Poza tym w szkole podstawowej w klasach bywa tak, że ktoś rzuca hasło, w którym chłopaku będą się kochały dziewczyny, a w których dziewczynach chłopcy. I wszyscy tak właśnie robią. Kompletnie nie widzą, że inni chłopcy są wartościowi, że inne dziewczyny są urocze. Jest klasowa moda i wszyscy sądzą, że czują to samo.
Wiem, że Ci smutno. Ale jeszcze będzie czas na uczucia. Teraz nie proponuj chodzenia, tylko wesoło rozmawiaj z dziewczynami, żartuj z nimi, a przede wszystkim zajmij się czymś. Dziewczyny cenią potem chłopaków o silnych charakterach, chłopaków pasjonujących się czymś- sportem, informatyką,
muzyką itd. Skoro teraz koleżanki Cię nie doceniają, to Ty wykorzystaj ten czas,by się rozwijać. Pamiętam wspaniałych chłopaków w jednej z szóstych klas, którzy absolutnie nie interesowali się
dziewczynami, tylko szaleli na punkcie piłki. Większość z nich biegała na treningi, na mecze.
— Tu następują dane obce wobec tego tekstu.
Lemma cvg_within_simplex_comp (f : R -> R) x0 i :
  real_analytic01 f -> x0 \in simplex ->
  (fun y => f (y i 0)) @ within simplex (nbhs x0) --> f (x0 i 0).
Proof.
move=> fa x0S.
apply: (real_analytic01_cvg_comp (F := within simplex (nbhs x0)) fa).
- exact: simplex_entry01.
- apply: cvg_trans; last exact: (@coord_continuous R n 1 i 0 x0).
  by apply: cvg_app; exact: cvg_within.
- by apply: filterS (withinT _ _) => y yS; apply: simplex_entry01; rewrite inE.
Qed.

Lemma cvg_within_simplex_diagf (f : 'I_n -> R -> R) x0 :
  (forall i, real_analytic01 (f i)) -> x0 \in simplex ->
  diagf f @ within simplex (nbhs x0) --> diagf f x0.
Proof.
move=> fa x0S; apply/cvg_mxP => i j.
have diagfE y : diagf f y i j = f i (y i 0) *+ (i == j) by rewrite !mxE.
rewrite diagfE (funext diagfE).
case: eqP => _; last exact: cvg_cst.
exact: cvg_within_simplex_comp.
Qed.

End Simplex.

Section LeftFixed.
Variables (R : pzSemiRingType) (n : nat).

Lemma left_fixedP (M : 'M[R]_n) (y : 'cV[R]_n) :
  y^T *m M = y^T <-> forall j, \sum_k y k 0 * M k j = y j 0.
Proof.
split=> [/matrixP yM j | yM].
  by have := yM 0 j; rewrite !mxE => <-; apply: eq_bigr => k _; rewrite mxE.
by apply/matrixP => i j; rewrite ord1 !mxE -yM; apply: eq_bigr => k _; rewrite mxE.
Qed.

End LeftFixed.

Lemma subr_diagf (R : realType) n (f : 'I_n -> R -> R) (x : 'cV[R]_n) :
  1%:M - diagf f x = diagf (fun i t => 1 - f i t) x.
Proof. by apply/matrixP => i j; rewrite !mxE; case: eqP; rewrite ?mulr1n ?mulr0n ?subr0. Qed.

Lemma connect_pred_backward (T : finType) (e : rel T) (Q : pred T) x y :
  (forall u v, e u v -> Q v -> Q u) -> connect e x y -> Q y -> Q x.
Proof.
move=> eQ /connectP[s xs ->] {y}.
by elim: s x xs => [|z s IH] x //= /andP[xz zs] Qs; apply: eQ xz (IH z zs Qs).
Qed.

Section StationaryVectors.
Variables (R : realType) (n : nat) (P : 'M[R]_n).
Hypothesis P_ge0 : forall i j, 0 <= P i j.
Hypothesis P_connected : strongly_connected P.

Lemma left_fixed_ge0_eq0 (y : 'cV[R]_n) j :
  (forall i, 0 <= y i 0) -> y^T *m P = y^T -> y j 0 = 0 -> y = 0.
Proof.
move=> y0 /left_fixedP yP yj; apply/matrixP => i k; rewrite ord1 mxE.
apply/eqP; apply: (connect_pred_backward (Q := fun i => y i 0 == 0)) (P_connected i j) _.
  move=> u v Puv /eqP yv; move: (yP v); rewrite yv => /eqP.
  rewrite psumr_eq0 => [/allP/(_ u (mem_index_enum _))|l _]; last exact: mulr_ge0.
  by rewrite /= mulf_eq0 (gt_eqF Puv) orbF.
by rewrite yj.
Qed.
(* At every moment during the execution of Greedy Dual on any MPMD or MBPMD instance, the following hold. (i) Every active set $S$ contains exactly $\mathrm{sur}(S)$ free (unmatched) requests. (ii) The family of all sets that are active or inactive at that moment is laminar.
   Context: Problem (MPMD / MBPMD). Let $(\mathcal{X},\mathrm{dist})$ be a metric space. An instance consists of $2m$ requests $u_1,\dots,u_{2m}$. Each request $u$ is a triple $(\mathrm{pos}(u),\mathrm{atime}(u),\mathrm{sgn}(u))$, where $\mathrm{pos}(u)\in\mathcal{X}$ is its location and $\mathrm{atime}(u)\ge0$ is its arrival time, with arrival times nondecreasing. In MPMD, $\mathrm{sgn}(u)=0$ for all requests. In MBPMD, exactly $m$ requests have sign $+1$ and $m$ have sign $-1$. At time $\tau$, an algorithm may match two arrived, unmatched requests $u,v$ with $\mathrm{sgn}(u)=-\mathrm{sgn}(v)$, at cost $\mathrm{dist}(\mathrm{pos}(u),\mathrm{pos}(v))$ (connection cost) plus $(\tau-\mathrm{atime}(u))+(\tau-\mathrm{atime}(v))$ (waiting costs). All requests must eventually be matched. Notation. Edges are unordered pairs $\{u,v\}$ of distinct requests with $\mathrm{sgn}(u)=-\mathrm{sgn}(v)$. For a set $S$ of requests, $\delta(S)$ is the set of edges with exactly one endpoint in $S$. In MPMD, $\mathrm{sur}(S)=|S|\bmod 2$; in MBPMD, $\mathrm{sur}(S)=|\sum_{u\in S}\mathrm{sgn}(u)|$. For an edge $e=(u,v)$, $\mathrm{cost}(e)=\mathrm{dist}(\mathrm{pos}(u),\mathrm{pos}(v))+|\mathrm{atime}(u)-\mathrm{atime}(v)|$. Algorithm Greedy Dual (GD). GD maintains a dual variable $y_S\ge0$ for every set $S$ of already-arrived requests; $y_S(\tau)$ denotes its value at time $\tau$. It also maintains a partition of the arrived requests into active sets, with $\mathcal{A}(u)$ denoting the active set containing $u$. An active set is growing if it contains at least one free request, and non-growing otherwise. - When a request $u$ arrives, $\mathcal{A}(u)\leftarrow\{u\}$ becomes a new active set, and $y_S\leftarrow 0$ for every new set $S$ containing $u$. - Tight-constraint event: while there is an edge $e=(u,v)$ between arrived requests with $\mathcal{A}(u)\neq\mathcal{A}(v)$ and $\sum_{S:\,e\in\delta(S)}y_S=\mathrm{cost}(e)$, GD does the following. It merges the two sets: $S=\mathcal{A}(u)\cup\mathcal{A}(v)$ becomes active and $\mathcal{A}(w)\leftarrow S$ for all $w\in S$, while $\mathcal{A}(u)$ and $\mathcal{A}(v)$ become inactive. It marks the edge $e$. Then, while there are free $u',v'\in S$ with $\mathrm{sgn}(u')=-\mathrm{sgn}(v')$, it matches $u'$ with $v'$ at the current time. - At all other times, $y_S$ increases continuously at rate $1$ (the same rate as time) for every active growing set $S$; all other dual variables stay constant. *)

(* Model of the Greedy Dual (GD) algorithm for MPMD / MBPMD
   as a nondeterministic transition system; reachable states = all moments of
   any execution of GD (all tie-breaking choices allowed). *)
From HB Require Import structures.
From mathcomp Require Import all_boot all_order all_algebra.
Set Implicit Arguments. Unset Strict Implicit. Unset Printing Implicit Defensive.
Import Order.TTheory GRing.Theory Num.Theory.
Local Open Scope ring_scope.

Record metric (R : realFieldType) (X : Type) := Metric {
  dist : X -> X -> R;
  dist_self : forall x, dist x x = 0;
  dist_eq0 : forall x y, dist x y = 0 -> x = y;
  dist_sym : forall x y, dist x y = dist y x;
  dist_tri : forall x y z, dist x z <= dist x y + dist y z }.

(* An instance with 2m requests, indexed 'I_(2m) in arrival order. *)
Record instance (R : realFieldType) (X : Type) (m : nat) := Instance {
  pos : 'I_(2 * m) -> X;
  atime : 'I_(2 * m) -> R;
  sgn : 'I_(2 * m) -> int }.

Section GD.
Variables (R : realFieldType) (X : Type) (m : nat).
Variables (M : metric R X) (I : instance R X m).
Local Notation Req := ('I_(2 * m)).

(* bip = false : MPMD;  bip = true : MBPMD *)
Definition valid_instance (bip : bool) : Prop :=
  (forall i, 0 <= atime I i) /\
  (forall i j : Req, (i <= j)%N -> atime I i <= atime I j) /\
  (if bip then
     (forall i, sgn I i = 1 \/ sgn I i = -1) /\
     #|[set i | sgn I i == 1]| = m /\ #|[set i | sgn I i == -1]| = m
   else forall i, sgn I i = 0).

Definition sur (bip : bool) (S : {set Req}) : nat :=
  if bip then absz (\sum_(u in S) sgn I u)%R else (#|S| %% 2)%N.

Definition is_edge (u v : Req) : bool := (u != v) && (sgn I u == - sgn I v).

Definition cost (u v : Req) : R :=
  dist M (pos I u) (pos I v) + `|atime I u - atime I v|.

Definition crossing (y : {set Req} -> R) (u v : Req) : R :=
  \sum_(S : {set Req} | (u \in S) != (v \in S)) y S.

Record gd_state := GDState {
  st_now : R;
  st_arrived : {set Req};
  st_free : {set Req};
  st_active : {set {set Req}};
  st_inactive : {set {set Req}};
  st_dual : {set Req} -> R }.

Definition init_state : gd_state :=
  GDState 0 set0 set0 set0 set0 (fun _ => 0).

Definition growing (s : gd_state) (S : {set Req}) : bool :=
  (S \in st_active s) && (S :&: st_free s != set0).

Definition dual_at (s : gd_state) (t : R) (S : {set Req}) : R :=
  st_dual s S + (if growing s S then t - st_now s else 0).

(* free set after greedily matching inside S: F' is the result of repeatedly
   matching free opposite-sign pairs in S until none remain *)
Definition greedy_match_result (F F' S : {set Req}) : Prop :=
  F' \subset F /\ F :\: F' \subset S /\
  (exists p : Req -> Req, forall x, x \in F :\: F' ->
     [/\ p x \in F :\: F', p x != x, p (p x) = x & sgn I (p x) = - sgn I x]) /\
  (forall w1 w2, w1 \in S :&: F' -> w2 \in S :&: F' -> ~~ is_edge w1 w2).

Inductive gd_step : gd_state -> gd_state -> Prop :=
| step_arrive s u :
    u \notin st_arrived s ->
    (forall v : Req, (v < u)%N -> v \in st_arrived s) ->
    atime I u = st_now s ->
    gd_step s (GDState (st_now s) (u |: st_arrived s) (u |: st_free s)
                 ([set u] |: st_active s) (st_inactive s)
                 (fun S => if (u \in S) && (S \subset u |: st_arrived s)
                           then 0 else st_dual s S))
| step_tight s u v S1 S2 F' :
    u \in st_arrived s -> v \in st_arrived s -> is_edge u v ->
    S1 \in st_active s -> S2 \in st_active s -> S1 != S2 ->
    u \in S1 -> v \in S2 ->
    crossing (st_dual s) u v = cost u v ->
    greedy_match_result (st_free s) F' (S1 :|: S2) ->
    gd_step s (GDState (st_now s) (st_arrived s) F'
                 ((S1 :|: S2) |: ((st_active s :\ S1) :\ S2))
                 (S1 |: (S2 |: st_inactive s)) (st_dual s))
| step_time s t :
    st_now s < t ->
    (forall v, v \notin st_arrived s -> t <= atime I v) ->
    (forall u v S1 S2, u \in st_arrived s -> v \in st_arrived s -> is_edge u v ->
       S1 \in st_active s -> S2 \in st_active s -> S1 != S2 -> u \in S1 -> v \in S2 ->
       crossing (st_dual s) u v != cost u v) ->
    (* duals of active growing sets grow at rate 1 while staying feasible *)
    (forall tau u v S1 S2, st_now s < tau <= t ->
       u \in st_arrived s -> v \in st_arrived s -> is_edge u v ->
       S1 \in st_active s -> S2 \in st_active s -> S1 != S2 -> u \in S1 -> v \in S2 ->
       crossing (dual_at s tau) u v <= cost u v) ->
    gd_step s (GDState t (st_arrived s) (st_free s) (st_active s) (st_inactive s)
                 (dual_at s t)).

Inductive reachable : gd_state -> Prop :=
| reach_init : reachable init_state
| reach_step s s' : reachable s -> gd_step s s' -> reachable s'.

End GD.

Definition laminar (T : finType) (F : {set {set T}}) : Prop :=
  forall A B, A \in F -> B \in F ->
    A \subset B \/ B \subset A \/ [disjoint A & B].

From HB Require Import structures.
From mathcomp Require Import all_boot all_order all_algebra.
From mathcomp Require Import zify.
Set Implicit Arguments. Unset Strict Implicit. Unset Printing Implicit Defensive.
Import Order.TTheory GRing.Theory Num.Theory.

(* The requests of an active set that GD has already matched are matched among
   themselves, because GD only matches inside the set created by a merge.  So
   the matched part of an active set S carries a fixed-point-free involution
   reversing signs: it has even size and total sign 0, and sur(S) only depends
   on the free part of S.  The free part contains no edge, since GD matches
   greedily after every merge: in MPMD it has at most one request, in MBPMD
   all its requests have the same sign, and in both cases its size is sur(S).
   Laminarity holds because every new set is a fresh singleton or the union of
   two active sets, and every set ever created lies inside an active set or is
   disjoint from it. *)

Section OppositePairing.
Variables (T : finType) (V : numDomainType) (g : T -> V).

Definition opposite_pairing (D : {set T}) (p : T -> T) :=
  forall x, x \in D -> [/\ p x \in D, p x != x, p (p x) = x & g (p x) = - g x]%R.

Lemma opposite_pairingU (D1 D2 : {set T}) (p1 p2 : T -> T) :
  [disjoint D1 & D2] -> opposite_pairing D1 p1 -> opposite_pairing D2 p2 ->
  opposite_pairing (D1 :|: D2) (fun x => if x \in D1 then p1 x else p2 x).
Proof.
move=> D12 pD1 pD2 x; rewrite in_setU.
case: (boolP (x \in D1)) => [xD1 _ | xD1 /= xD2].
  by have [p1D1 ? -> ?] := pD1 x xD1; rewrite p1D1 in_setU p1D1.
have [p2D2 ? -> ?] := pD2 x xD2.
by rewrite (disjointFl D12 p2D2) in_setU p2D2 orbT.
Qed.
Bardzo to dziewczynom imponowało. Nie wiem, jakie zwyczaje panują w Twojej klasie i szkole. Bo w jednych
jest moda na chodzenie, w innych absolutnie nie. W sprawach uczuć nie można nic osiągnąć na siłę. To musi się spotkać dwoje, którzy chcą tego samego. Porażki należą do życia, nie trzeba się przejmować, tylko cieszyć się życiem, rozwijać się, dorastać. Bądź w miarę pewny siebie, pilnuj nauki, sportu, bądź odważny, wesoły, a pewnego dnia zainteresujesz się dziewczyną, która też zwróci na Ciebie uwagę. Ale to może jeszcze potrwać.
Nie proś przez jakiś czas żadnej dziewczyny, bo one o tym z pewnością rozmawiają i jeśli jedna Ci odmówiła, to każda inna zrobi to samo. Poza tym, Ty żadnej i tak nie kochasz, bo jest Ci obojętne, z którą będziesz
chodził, byle chodzić. Gdy przestaniesz się nimi zajmować, tylko będziesz pewny siebie, wesoły, mądry i niezależny, to dziewczyny same się zainteresują, co się dzieje.